== Segment start ==
Lemma skew_split (A : 'M[R]_m) : A^T = - A -> A != 0 ->
  exists (s t : V) (p q : 'cV[R]_m),
  [/\ col_mx s t *m row_mx p q = 1%:M, (col_mx s t <= A)%MS,
      (A - wedge s t < A)%MS & (A - wedge s t) *m row_mx p q = 0].
Proof.
move=> skA /matrix0Pn[i [j Aij]].
have skE a b : A b a = - A a b.
  by have := congr1 (fun M : 'M[R]_m => M a b) skA; rewrite !mxE.
have Aii : A i i = 0 by have := skE i i; lra.
have Ajj : A j j = 0 by have := skE j j; lra.
(* Subtracting wedge s t clears rows and columns i and j of A. *)
set lam := A i j in Aij.
pose s := lam^-1 *: row i A; pose t := row j A.
pose p : 'cV[R]_m := delta_mx j 0; pose q : 'cV[R]_m := - lam^-1 *: delta_mx i 0.
set A' := A - wedge s t.
have A'E a b : A' a b = A a b - (lam^-1 * A i a * A j b - A j a * (lam^-1 * A i b)).
  by rewrite /A' [LHS]mxE [X in _ + X]mxE wedge_rowE !mxE.
have A'j : A' *m p = 0.
  rewrite /p -colE; apply/colP => a.
  by rewrite [LHS]mxE A'E (skE j a) Ajj !mxE -/lam; field.
have A'i : A' *m (delta_mx i 0 : 'cV[R]_m) = 0.
  rewrite -colE; apply/colP => a.
  by rewrite [LHS]mxE A'E (skE i a) (skE i j) Aii !mxE -/lam; field.
have sA : (s <= A)%MS by rewrite scalemx_sub ?row_sub.
have tA : (t <= A)%MS := row_sub j A.
have wA : (wedge s t <= A)%MS.
  rewrite addmx_sub ?(submx_trans (submxMl _ _)) // -scaleN1r scalemx_sub //.
  exact: submx_trans (submxMl _ _) sA.
exists s, t, p, q; rewrite -/A'; split.
- rewrite mul_col_row (scalar_mx_block 1 1 1) /s /q -!scalemxAl -!scalemxAr !rowv_mul_delta.
  by rewrite !scale_scalar_mx !mxE Aii Ajj (skE i j) -/lam mulrNN mulVf // !mulr0 raddf0.
- by rewrite col_mx_sub sA tA.
- rewrite ltmxE addmx_sub // -?scaleN1r ?scalemx_sub //=.
  apply/negP => /submxP[X defA].
  have : (A *m p) i 0 = 0 by rewrite defA -mulmxA A'j mulmx0 mxE.
  by rewrite /p -colE mxE; apply/eqP.
- by rewrite mul_mx_row A'j -scalemxAr A'i scaler0 row_mx0.
Qed.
== Segment end ==
Restate, word for word and with nothing added, the lines from the first line of the listing through the one where "have skE a b : A b a = - A a b." stands.

Task result ▸
Lemma skew_split (A : 'M[R]_m) : A^T = - A -> A != 0 ->
  exists (s t : V) (p q : 'cV[R]_m),
  [/\ col_mx s t *m row_mx p q = 1%:M, (col_mx s t <= A)%MS,
      (A - wedge s t < A)%MS & (A - wedge s t) *m row_mx p q = 0].
Proof.
move=> skA /matrix0Pn[i [j Aij]].
have skE a b : A b a = - A a b.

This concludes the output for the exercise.